While an eye exam was a must to be in the boceprevir trial a psych exam was not. And i believe they try to use only the most experienced doctors possible. Theres alot of work getting approved for a trial in a teaching hospital.

I think it is responsible and wise to refer a patient for a psych evaluation prior to treatment. Think of it like a baseline eye exam. Personally I don't want to take psych drugs during TX and for years afterward. That is yet another reason I am trying to get into a trial for a treatment that doesn't require them if I can. However, if I was going to take IFN and Ribavirin and needed such drugs I would much rather a specialist was prescribing them and monitoring my condition. I would imagine that since psychosis would be a treatment stopper, some patients would try to hide it too. I have noticed that the more experienced and sophisticated doctors are with HCV treatment, e.g. Researchers and professors the more likely they are to recommended a psych evaluation and to explore starting people on medication prior to treatment.

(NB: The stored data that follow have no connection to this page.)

(* Let $\mathcal{G}=\langle\mathbb{V},\mathbb{E}\rangle$ and the bijection $e$ be as in the context, let $u\in\mathbb{V}$, and let $\pi$ be an $\mathcal{H}^{(\ast)}$-partition of $\mathcal{P}(\mathcal{G},e)$ in which the gadget $\mathcal{N}_u$ is not well-oriented. Then there exists an $\mathcal{H}^{(\ast)}$-partition $\pi'$ of $\mathcal{P}(\mathcal{G},e)$ such that $|\pi'|\le|\pi|$, $\mathcal{N}_u$ is well-oriented in $\pi'$, and for every $w\in\mathbb{V}$ with $w\ne u$, $\mathcal{N}_w$ is well-oriented in $\pi$ if and only if $\mathcal{N}_w$ is well-oriented in $\pi'$.
   Context: Standing assumption: $\mathcal{G}=\langle\mathbb{V},\mathbb{E}\rangle$ is a finite directed graph with $\mathbb{V}\ne\emptyset$, without self-loops, in which every vertex has in-degree $1$ or out-degree $1$; let $m=|\mathbb{E}|$ and let $e:\mathbb{E}\to\{1,\dots,m\}$ be a bijection. For $v\in\mathbb{V}$ the gadget $\mathcal{N}_v=\langle\mathcal{V}_v,\mathcal{E}_v\rangle$ has vertices $\mathcal{V}_v=\{v_{i,j}:0\le i,j\le m\}$ (distinct for distinct $v$) and arcs $\mathcal{E}_v=\{\langle v_{i,j},v_{i,j+1}\rangle:0\le i\le m,0\le j<m\}\cup\{\langle v_{i,j},v_{i+1,j}\rangle:0\le i<m,0\le j\le m\}$. Let $\mathcal{L}_v=\{\{v_{i,0},\dots,v_{i,m}\}:0\le i\le m\}$ and $\mathcal{R}_v=\{\{v_{0,i},\dots,v_{m,i}\}:0\le i\le m\}$. The digraph $\mathcal{P}(\mathcal{G},e)$ has vertex set $\bigcup_{v\in\mathbb{V}}\mathcal{V}_v\cup\mathbb{E}$ (each arc of $\mathcal{G}$ is also a vertex) and arc set $\bigcup_{v\in\mathbb{V}}\mathcal{E}_v\cup\{\langle\langle v,u\rangle,v_{e(\langle v,u\rangle),0}\rangle:\langle v,u\rangle\in\mathbb{E}\}\cup\{\langle\langle v,u\rangle,u_{0,e(\langle v,u\rangle)}\rangle:\langle v,u\rangle\in\mathbb{E}\}$; it is a DAG. For a DAG $G$, a partition $\pi$ of its vertex set is an $\mathcal{H}^{(\ast)}$-partition if every induced subgraph $G[P]$, $P\in\pi$, has a directed Hamiltonian path and the quotient digraph $G/\pi$ (vertex set $\pi$, arc $\langle P,Q\rangle$ for $P\ne Q$ whenever some arc of $G$ goes from $P$ to $Q$) is acyclic. For an $\mathcal{H}^{(\ast)}$-partition $\pi$ of $\mathcal{P}(\mathcal{G},e)$ and $v\in\mathbb{V}$, let $\pi|_{\mathcal{N}_v}=\{P\cap\mathcal{V}_v:P\in\pi,\ P\cap\mathcal{V}_v\ne\emptyset\}$; the gadget $\mathcal{N}_v$ is well-oriented in $\pi$ if $\pi|_{\mathcal{N}_v}=\mathcal{L}_v$ or $\pi|_{\mathcal{N}_v}=\mathcal{R}_v$. *)

From mathcomp Require Import all_boot.
Set Implicit Arguments. Unset Strict Implicit. Unset Printing Implicit Defensive.

Section PGraph.
Variables (V : finType) (E : rel V).

(* arcs of G, as a finite type (each arc is also a vertex of P(G,e)) *)
Definition edgeT := {p : V * V | E p.1 p.2}.

Definition nedges : nat := #|{: edgeT}|.

(* vertices of P(G,e): gadget vertices v_{i,j} (0 <= i,j <= m) and arcs of G *)
Definition PV := ((V * 'I_(nedges.+1) * 'I_(nedges.+1)) + edgeT)%type.

Definition gv (v : V) (i j : 'I_(nedges.+1)) : PV := inl (v, i, j).

(* arc relation of P(G,e), given the labelling e : E -> {1..m} *)
Definition parc (e : edgeT -> nat) : rel PV := fun x y =>
  match x, y with
  | inl (v, i, j), inl (v', i', j') =>
      (v' == v) &&
      (((nat_of_ord i' == i) && (nat_of_ord j' == j.+1)) ||
       ((nat_of_ord i' == i.+1) && (nat_of_ord j' == j)))
  | inr a, inl (v, i, j) =>
      [&& v == (val a).1, nat_of_ord i == e a & nat_of_ord j == 0] ||
      [&& v == (val a).2, nat_of_ord i == 0 & nat_of_ord j == e a]
  | _, _ => false
  end.

Definition gadget (v : V) : {set PV} :=
  [set x | if x is inl (w, _, _) then w == v else false].

Definition Lset (v : V) : {set {set PV}} :=
  [set [set gv v i j | j : 'I_(nedges.+1)] | i : 'I_(nedges.+1)].
Definition Rset (v : V) : {set {set PV}} :=
  [set [set gv v j i | j : 'I_(nedges.+1)] | i : 'I_(nedges.+1)].

End PGraph.

Section Hstar.
Variables (T : finType) (r : rel T).

Definition ham_path (P : {set T}) : Prop :=
  exists s : seq T, [/\ uniq s, (forall x, (x \in s) = (x \in P)) & sorted r s].

Definition qarc (pi : {set {set T}}) : rel {set T} := fun P Q =>
  [&& P \in pi, Q \in pi, P != Q & [exists x in P, exists y in Q, r x y]].

Definition acyclic (s : rel {set T}) : Prop :=
  forall c : seq {set T}, c != [::] -> ~~ cycle s c.

Definition Hstar_partition (pi : {set {set T}}) : Prop :=
  [/\ partition pi [set: T],
      forall P, P \in pi -> ham_path P
    & acyclic (qarc pi)].

Definition restr (pi : {set {set T}}) (A : {set T}) : {set {set T}} :=
  [set P :&: A | P in pi & P :&: A != set0].

End Hstar.

Definition well_oriented (V : finType) (E : rel V) (pi : {set {set PV E}}) (v : V) : bool :=
  (restr pi (gadget E v) == Lset E v) || (restr pi (gadget E v) == Rset E v).

From mathcomp Require Import all_boot zify.
Set Implicit Arguments. Unset Strict Implicit. Unset Printing Implicit Defensive.

(* Every part of an H*-partition is a chain for the coordinatewise order of a
   gadget (arcs of P(G,e) only go right or down), and it is convex for that
   order because the quotient is acyclic.  Counting along antidiagonals then
   shows that a gadget meeting at most m+1 parts is cut into its m+1 rows or
   its m+1 columns; so if N_u is not well-oriented it meets at least m+2
   parts, all contained in N_u together with its incident arcs.  Choose the
   orientation (rows if u has in-degree 1, columns otherwise) for which at
   most one incident arc does not enter at the head of a line.  The new
   partition consists of the m+1 lines of N_u, each preceded by the arc
   entering its head if that arc shared its old part, a singleton for the
   misaligned arc, and the old parts with N_u and these arcs removed; this
   trades at least m+2 parts for at most m+2.  A rank combining the depth of
   the old part in the old quotient with the line index increases along
   every arc between new parts, so the new quotient is acyclic. *)

Section Partitions.
Variable T : finType.
(* Let $V$ be a finite-dimensional complex vector space and $R(z)\in\mathrm{End}(V\otimes V)$, $z\in\mathbb{C}$, a family of operators satisfying $R(u)_{12}R(u+v)_{23}R(v)_{12}=R(v)_{23}R(u+v)_{12}R(u)_{23}$ on $V^{\otimes3}$ for all $u,v\in\mathbb{C}$. If $R(0)=I\otimes I$, then for each $z\in\mathbb{C}$ there is a scalar $c(z)\in\mathbb{C}$ with $R(z)R(-z)=R(-z)R(z)=c(z)\,I\otimes I$. In particular, if $R(z)$ is not an isomorphism, then $R(z)R(-z)=0=R(-z)R(z)$.
   Context: $I$ denotes the identity on $V$; for $A\in\mathrm{End}(V\otimes V)$, $A_{12}=A\otimes I$ and $A_{23}=I\otimes A$ as operators on $V^{\otimes3}$. *)

From HB Require Import structures.
From mathcomp Require Import all_boot all_order all_algebra.
From mathcomp Require Import reals.
From mathcomp.real_closed Require Import complex mxtens.
Set Implicit Arguments. Unset Strict Implicit. Unset Printing Implicit Defensive.
Import Order.TTheory GRing.Theory Num.Theory.
Local Open Scope ring_scope.

(* V = K^n with K a field; V (x) V = K^(n*n), V (x) V (x) V = K^(n*n*n),
   with the Kronecker (mxtens) identification of tensor bases. *)

Definition op12 (K : nzRingType) (n : nat) (A : 'M[K]_(n * n)) : 'M[K]_(n * n * n) :=
  A *t (1%:M : 'M[K]_n).

(* A_23 = I (x) A on V^{(x)3}, cast from n*(n*n) to (n*n)*n (same basis order) *)
Definition op23 (K : nzRingType) (n : nat) (A : 'M[K]_(n * n)) : 'M[K]_(n * n * n) :=
  castmx (mulnA n n n, mulnA n n n) ((1%:M : 'M[K]_n) *t A).

From mathcomp Require Import all_boot all_order all_algebra.
From mathcomp Require Import reals.
From mathcomp.real_closed Require Import complex mxtens.
Set Implicit Arguments.
Unset Strict Implicit.
Unset Printing Implicit Defensive.

Import GRing.Theory.
Local Open Scope ring_scope.
Local Open Scope complex_scope.

(* Yang-Baxter at (z, -z) and at (-z, z), with R(0) = I, gives
   (R(z)R(-z))_12 = (R(-z)R(z))_23 and (R(-z)R(z))_12 = (R(z)R(-z))_23.
   Comparing entries, A (x) I = I (x) B forces A = I (x) F and B = F (x) I;
   the swapped equation gives likewise A = F' (x) I, and I (x) F = F' (x) I
   makes A and B the same scalar c.  If R(z) is singular, then so is c I, hence c = 0. *)

Local Notation idx := mxtens_index.

Lemma scalar_mx_tensE (K : nzRingType) m p (c : K) (a a' : 'I_m) (b b' : 'I_p) :
  (c%:M : 'M_(m * p)) (idx (a, b)) (idx (a', b')) = c *+ ((a == a') && (b == b')).
Proof. by rewrite mxE (can_eq (@mxtens_indexK _ _)) xpair_eqE. Qed.

Lemma tensmx11 (K : nzRingType) m p :
  (1%:M : 'M[K]_m) *t (1%:M : 'M[K]_p) = 1%:M.
Proof.
apply/matrixP => i j.
case: (mxtens_indexP i) => a b; case: (mxtens_indexP j) => a' b'.
rewrite tensmxE scalar_mx_tensE !mxE.
by case: eqP; case: eqP; rewrite ?mulr0 ?mul0r ?mulr1.
Qed.

Lemma mxtens_indexA m n p (i : 'I_m) (j : 'I_n) (k : 'I_p) :
  cast_ord (esym (mulnA m n p)) (idx (idx (i, j), k)) = idx (i, idx (j, k)).
Proof. by apply: val_inj; rewrite /= mulnDl -mulnA addnA. Qed.

Section TensorLegs.
Variables (K : nzRingType) (n : nat).
Implicit Types (A B : 'M[K]_(n * n)) (a b c : 'I_n).

Lemma op12E A a b c a' b' c' :
  op12 A (idx (idx (a, b), c)) (idx (idx (a', b'), c'))
  = A (idx (a, b)) (idx (a', b')) * (c == c')%:R.
Proof. by rewrite /op12 tensmxE mxE. Qed.

Lemma op23E B a b c a' b' c' :
  op23 B (idx (idx (a, b), c)) (idx (idx (a', b'), c'))
  = (a == a')%:R * B (idx (b, c)) (idx (b', c')).
Proof. by rewrite /op23 castmxE !mxtens_indexA tensmxE mxE. Qed.

Lemma op12_1 : op12 (1%:M : 'M[K]_(n * n)) = 1%:M.
Proof. exact: tensmx11. Qed.

Lemma op23_1 : op23 (1%:M : 'M[K]_(n * n)) = 1%:M.
Proof. by rewrite /op23 tensmx11; case: _ / mulnA. Qed.

Lemma op12_eq_op23E A B : op12 A = op23 B ->
  forall a b a' b' c,
  A (idx (a, b)) (idx (a', b')) = (a == a')%:R * B (idx (b, c)) (idx (b', c)).
Proof.
move=> eAB a b a' b' c.
pose entry (M : 'M[K]_(n * n * n)) := M (idx (idx (a, b), c)) (idx (idx (a', b'), c)).
have := congr1 entry eAB.
by rewrite /entry op12E op23E eqxx mulr1.
Qed.

Lemma op12_op23_swap_scalar A B : op12 A = op23 B -> op12 B = op23 A ->
  forall o : 'I_n, A = (A (idx (o, o)) (idx (o, o)))%:M.
Proof.
(* A_(ab,a'b') = [a = a'] B_(bo,b'o) = [a = a'] [b = b'] A_(oo,oo) *)
move=> eAB eBA o; apply/matrixP => i j.
case: (mxtens_indexP i) => a b; case: (mxtens_indexP j) => a' b'.
rewrite scalar_mx_tensE (op12_eq_op23E eAB _ _ _ _ o) (op12_eq_op23E eBA _ _ _ _ o).
rewrite (op12_eq_op23E eAB _ _ _ _ o) eqxx mul1r.
by case: eqP; case: eqP; rewrite ?mulr0 ?mul0r ?mul1r.
Qed.

End TensorLegs.

Lemma op12_eq_op23_scalar (K : nzRingType) n (A B : 'M[K]_(n * n)) :
  op12 A = op23 B -> op12 B = op23 A -> exists c, A = c%:M /\ B = c%:M.
Proof.
case: n A B => [|m] A B eAB eBA; first by exists 0; split; apply/matrixP => -[].
exists (A (idx (ord0, ord0)) (idx (ord0, ord0))).
split; first exact: op12_op23_swap_scalar eAB eBA ord0.
rewrite (op12_eq_op23E eAB ord0 ord0 ord0 ord0 ord0) eqxx mul1r.
exact: op12_op23_swap_scalar eBA eAB ord0.
Qed.

Section TensorLegsMul.
Variables (K : comNzRingType) (n : nat).
Implicit Types A B : 'M[K]_(n * n).

Lemma op12M A B : op12 (A *m B) = op12 A *m op12 B.
Proof. by rewrite /op12 tensmx_mul mulmx1. Qed.

Lemma op23M A B : op23 (A *m B) = op23 A *m op23 B.
Proof. by rewrite /op23; case: _ / (mulnA n n n); rewrite tensmx_mul mulmx1. Qed.

End TensorLegsMul.

Section Unitarity.
Variables (K : comNzRingType) (Z : zmodType) (n : nat).
Variable R : Z -> 'M[K]_(n * n).
Hypothesis yang_baxter : forall u v,
  op12 (R u) *m op23 (R (u + v)) *m op12 (R v)
  = op23 (R v) *m op12 (R (u + v)) *m op23 (R u).
Hypothesis R0 : R 0 = 1%:M.

Lemma yang_baxter_opp z : op12 (R z *m R (- z)) = op23 (R (- z) *m R z).
Proof.
have := yang_baxter z (- z).
by rewrite addrN R0 op12_1 op23_1 !mulmx1 op12M op23M.
Qed.

Lemma unitarity_scalar z :
  exists c, R z *m R (- z) = c%:M /\ R (- z) *m R z = c%:M.
Proof.
apply: op12_eq_op23_scalar; first exact: yang_baxter_opp.
by have := yang_baxter_opp (- z); rewrite opprK.
Qed.

End Unitarity.

Lemma mulmx_scalar_nonunit (F : fieldType) m (A B : 'M[F]_m) (c : F) :
  A *m B = c%:M -> A \notin unitmx -> c = 0.
Proof.
move=> eABc; apply: contraNeq => c_neq0.
have : A *m B \in unitmx by rewrite eABc unitmxE det_scalar unitfE expf_neq0.
by rewrite unitmx_mul => /andP[].
Qed.

Theorem lemma2p3 (R : realType) (n : nat) (Rz : R[i] -> 'M[R[i]]_(n * n)) :
  (forall u v : R[i],
      op12 (Rz u) *m op23 (Rz (u + v)) *m op12 (Rz v)
      = op23 (Rz v) *m op12 (Rz (u + v)) *m op23 (Rz u)) ->
  Rz 0 = 1%:M ->
  (forall z : R[i], exists c : R[i],
      Rz z *m Rz (- z) = c%:M /\ Rz (- z) *m Rz z = c%:M) /\
  (forall z : R[i], Rz z \notin unitmx ->
      Rz z *m Rz (- z) = 0 /\ Rz (- z) *m Rz z = 0).
Proof.
move=> yang_baxter R0.
have scalar := unitarity_scalar yang_baxter R0.
split=> // z Rz_nonunit.
have [c [eRR' eR'R]] := scalar z.
by rewrite eRR' eR'R (mulmx_scalar_nonunit eRR' Rz_nonunit) raddf0.
Qed.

To quote one of my specialists Interferon blocks neurotransmitters. Did it ever! "Combo" treatment reduced my working memory to almost nothing by around the 4th week. I could barely work at all except to do a few routine tasks with documented procedure step one do this, step two do that.

I was stunned to see that these drugs are approved for children with GT 2 or 3. I suppose they think that 6 months exposure is worht the risks. What on earth would that do to a developing brain?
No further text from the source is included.